Exercise materials.
▶
Definition wsuc (w : seq Sigma) (i : nat) : nat := minn i.+1 (size w).
Definition wpred (i : nat) : nat := maxn i.-1 1.
Definition wQ (w : seq Sigma) (s : Sigma) (i : nat) : bool :=
  (0 < i <= size w) && (nth s w i.-1 == s).
Definition wmin (i : nat) : bool := i == 1.
Definition wmax (w : seq Sigma) (i : nat) : bool := i == size w.

(* x + a for a : int  (suc^a or pred^(-a)) *)
Definition shift (w : seq Sigma) (x : nat) (a : int) : nat :=
  match a with
  | Posz k => iter k (wsuc w) x
  | Negz k => iter k.+1 wpred x
  end.
Definition shiftdown (y : nat) (b : nat) : nat := iter b wpred y.

Inductive fovar := VX | VY.
Inductive upred := UQ of Sigma | UMin | UMax.

Inductive hlit (Rel : Type) :=
  | LUnary of bool & upred & fovar & int
      (* LUnary true U z a = U(z+a), LUnary false U z a = ~ U(z+a) *)
  | LEq
  | LLt
  | LRel of Rel & nat & nat (* S(x+a, y-b) /\ x+a <= y-b, a b >= 0 *).

(* A Horn clause  x <= y /\ d_1 /\ ... /\ d_r -> d_0 ;
   head [Some R] is R(x,y), head [None] is bottom. *)
Record hclause (Rel : Type) := HClause { hbody : seq (hlit Rel); hhead : option Rel }.

Definition upred_sem (w : seq Sigma) (U : upred) (i : nat) : bool :=
  match U with UQ s => wQ w s i | UMin => wmin i | UMax => wmax w i end.

Definition hlit_sem (Rel : Type) (w : seq Sigma) (I : Rel -> nat -> nat -> Prop)
    (x y : nat) (d : hlit Rel) : Prop :=
  match d with
  | LUnary b U z a =>
      let p := shift w (if z is VX then x else y) a in
      upred_sem w U p = b
  | LEq => x = y
  | LLt => x < y
  | LRel Sr a b =>
      I Sr (shift w x (Posz a)) (shiftdown y b) /\ shift w x (Posz a) <= shiftdown y b
  end.

Definition hclause_sem (Rel : Type) (w : seq Sigma) (I : Rel -> nat -> nat -> Prop)
    (x y : nat) (c : hclause Rel) : Prop :=
  x <= y -> (forall d, List.In d (hbody c) -> hlit_sem w I x y d) ->
  match hhead c with Some R => I R x y | None => False end.

Definition horn_sat (Rel : Type) (cls : seq (hclause Rel)) (w : seq Sigma) : Prop :=
  exists I : Rel -> nat -> nat -> Prop,
    forall x y, 0 < x <= size w -> 0 < y <= size w ->
      forall c, List.In c cls -> hclause_sem w I x y c.

Definition incl_ESO_HORN (L : seq Sigma -> Prop) : Prop :=
  exists (Rel : finType) (cls : seq (hclause Rel)),
    forall w, L w <-> (w <> [::] /\ horn_sat cls w).

Inductive lconj (N : Type) :=
  | CTerm of seq Sigma
  | CNont of seq Sigma & N & seq Sigma .

(* a rule A -> alpha_1 & ... & alpha_k is a pair (A, [alpha_1; ...; alpha_k]) *)
Definition lrule (N : Type) := (N * seq (lconj N))%type.

Definition lconj_sem (N : Type) (X : N -> seq Sigma -> Prop) (a : lconj N)
    (w : seq Sigma) : Prop :=
  match a with
  | CTerm u => w = u
  | CNont u B v => exists w', w = u ++ w' ++ v /\ X B w'
  end.

Definition lstep (N : Type) (P : seq (lrule N)) (X : N -> seq Sigma -> Prop)
    (A : N) (w : seq Sigma) : Prop :=
  exists alphas, List.In (A, alphas) P /\
    forall a, List.In a alphas -> lconj_sem X a w.

(* The least (componentwise) solution, as the intersection of all
   pre-fixed points of the monotone operator lstep (Knaster-Tarski). *)
Definition lgen (N : Type) (P : seq (lrule N)) (A : N) (w : seq Sigma) : Prop :=
  forall X : N -> seq Sigma -> Prop,
    (forall B u, lstep P X B u -> X B u) -> X A w.

Definition LinConj (L : seq Sigma -> Prop) : Prop :=
  exists (N : finType) (P : seq (lrule N)) (St : N),
    (forall r, List.In r P -> r.2 <> [::]) /\
    (forall w, L w <-> lgen P St w).

End Defs.

From mathcomp Require Import all_boot all_algebra zify.
From Stdlib Require Import Classical ClassicalEpsilon.
Set Implicit Arguments. Unset Strict Implicit. Unset Printing Implicit Defensive.

(* Let G be a linear conjunctive grammar for the complement of L. The Horn
   formula has a binary relation R_A for every nonterminal A, meant to hold at
   (x, y) iff the factor w[x..y] belongs to L(A), and a relation R_= forced to
   contain the diagonal. A conjunct u B v of a rule for A is checked at (x, y)
   by reading u forwards from x and v backwards from y and asking R_B at
   (x + |u|, y - |v|); a rule body, a conjunction of disjunctions of such
   tests, is distributed into one Horn clause per choice. Every model of these
   clauses contains the least solution of G, and the least solution is itself
   a model unless w is in L(S); so adding min(x) /\ max(y) /\ R_S(x, y) -> False
   yields a formula that holds in <w> exactly when w is not generated by G,
   i.e. when w is in L. *)

Section Factors.
Variables (T : eqType) (w : seq T).

(* Positions are 1-based: [factor x y] is w_x ... w_y. *)
Definition factor (x y : nat) : seq T := drop x.-1 (take y w).

Lemma size_factor x y : y <= size w -> size (factor x y) = y - x.-1.
Proof. by move=> hy; rewrite size_drop size_takel. Qed.

Lemma factor_full : factor 1 (size w) = w.
Proof. by rewrite /factor take_size drop0. Qed.

Lemma factor1 x0 x : 0 < x <= size w -> factor x x = [:: nth x0 w x.-1].
Proof.
case: x => //= x hx; rewrite /factor (take_nth x0) // -cats1 drop_size_cat //.
by rewrite size_takel // ltnW.
Qed.

Lemma cat3_eq (f u z v : seq T) :
  f = u ++ z ++ v <->
  [/\ size u + size v <= size f, prefix u f, suffix v f
    & z = drop (size u) (take (size f - size v) f)].
Proof.
split=> [->|[huv /prefixP [s hs] /suffixP [t ht] ->]].
  rewrite catA suffix_suffix -catA prefix_prefix !size_cat; split=> //; first lia.
  by rewrite catA take_size_cat ?drop_size_cat // size_cat; lia.
have hut : size u <= size t by move: huv; rewrite ht size_cat; lia.
have -> : take (size f - size v) f = t by rewrite ht take_size_cat // size_cat addnK.
have htu : take (size u) t = u by rewrite -(takel_cat v hut) -ht hs take_size_cat.
by rewrite catA -{1}htu cat_take_drop.
Qed.

Lemma prefix_factor x y (u : seq T) : x.-1 + size u <= y -> y <= size w ->
  prefix u (factor x y) = prefix u (drop x.-1 w).
Proof.
by move=> hu hy; rewrite !prefixE /factor take_drop take_takel -?take_drop //; lia.
Qed.

Lemma suffix_factor x y (v : seq T) : x.-1 + size v <= y -> y <= size w ->
  suffix v (factor x y) = suffix v (take y w).
Proof.
move=> hv hy; rewrite !suffixE size_factor // size_takel // /factor drop_drop.
by congr (drop _ _ == _); lia.
Qed.

Lemma factor_middle x y (u v : seq T) : 0 < x -> x.-1 + size u + size v <= y -> y <= size w ->
  drop (size u) (take (y - x.-1 - size v) (factor x y)) = factor (x + size u) (y - size v).
Proof.
move=> hx huv hy; rewrite /factor take_drop take_takel; last lia.
by rewrite drop_drop; congr (drop _ (take _ _)); lia.
Qed.

Lemma factor_cat3 x y (u z v : seq T) : 0 < x -> x <= y -> y <= size w ->
  factor x y = u ++ z ++ v <->
  [/\ x.-1 + size u + size v <= y, prefix u (drop x.-1 w), suffix v (take y w)
    & z = factor (x + size u) (y - size v)].
Proof.
move=> hx hxy hy; rewrite cat3_eq size_factor //.
split=> -[huv hu hv ->].
- have {}huv : x.-1 + size u + size v <= y by lia.
  by rewrite -(prefix_factor (y := y)) -?(suffix_factor (x := x)) -?factor_middle //; lia.
- rewrite (prefix_factor (y := y)) ?suffix_factor ?factor_middle //; try lia.
  by split=> //; lia.
Qed.

End Factors.

Lemma wQ_nth (Sigma : finType) (w : seq Sigma) s x :
  0 < x <= size w -> wQ w s x = (nth s w x.-1 == s).
Proof. by rewrite /wQ => ->. Qed.

#[local] Arguments shift : simpl never.
#[local] Arguments shiftdown : simpl never.

Section Encoding.
Variables (Sigma : finType) (Rel : Type) (w : seq Sigma) (I : Rel -> nat -> nat -> Prop).

Local Notation lit := (hlit Sigma Rel).
Local Notation holds x y := (List.Forall (hlit_sem w I x y)).

Lemma shift_add x k : x + k <= size w -> shift w x k = x + k.
Proof.
rewrite /shift; elim: k => [|k IH] hk /=; first by rewrite addn0.
by rewrite IH /wsuc; lia.
Qed.

Lemma shiftdown_sub y j : j < y -> shiftdown y j = y - j.
Proof.
rewrite /shiftdown; elim: j => [|j IH] hj /=; first by rewrite subn0.
by rewrite IH /wpred; lia.
Qed.

Lemma shift_opp x j : shift w x (- j%:Z)%R = shiftdown x j.
Proof. by case: j => // j; rewrite -NegzE. Qed.

(* The [~ max] (resp. [~ min]) guards are needed because [suc] (resp. [pred])
   sticks at the last (resp. first) position, which would read a letter twice. *)
Fixpoint read_right (u : seq Sigma) (i : nat) : seq lit :=
  if u is s :: u' then
    LUnary Rel true (UQ s) VX i :: LUnary Rel false (UMax Sigma) VX i :: read_right u' i.+1
  else [::].

Fixpoint read_left (r : seq Sigma) (j : nat) : seq lit :=
  if r is s :: r' then
    LUnary Rel true (UQ s) VY (- j%:Z)%R :: LUnary Rel false (UMin Sigma) VY (- j%:Z)%R
      :: read_left r' j.+1
  else [::].

Lemma read_rightP x y u i : 0 < x -> x + i <= size w ->
  holds x y (read_right u i) <-> x + i + size u <= size w /\ prefix u (drop (x.-1 + i) w).
Proof.
elim: u i => [|s u IH] i hx hi /=; first by rewrite addn0 prefix0s.
rewrite !List.Forall_cons_iff /= shift_add // wQ_nth; last lia.
rewrite (drop_nth s); last lia.
rewrite prefix_cons /wmax -addnS eq_sym (_ : (x + i).-1 = x.-1 + i); last lia.
have hmax : ((x + i == size w) = false) <-> x + i < size w.
  by rewrite ltn_neqAle hi andbT; case: eqP.
rewrite hmax; split=> [[/eqP <- [hlt hu]]|[hu /andP [/eqP <- hp]]].
- have [|hu' hp] := (IH i.+1 hx _).1 hu; first lia.
  by rewrite eqxx hp; split=> //; lia.
- rewrite eqxx; split=> //; split; first lia.
  by apply/(IH i.+1 hx); [lia | split=> //; lia].
Qed.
◀
What the task asks. Your answer should be each line from the preceding material in which the word "hmax" occurs.

Solution.
have hmax : ((x + i == size w) = false) <-> x + i < size w.
rewrite hmax; split=> [[/eqP <- [hlt hu]]|[hu /andP [/eqP <- hp]]].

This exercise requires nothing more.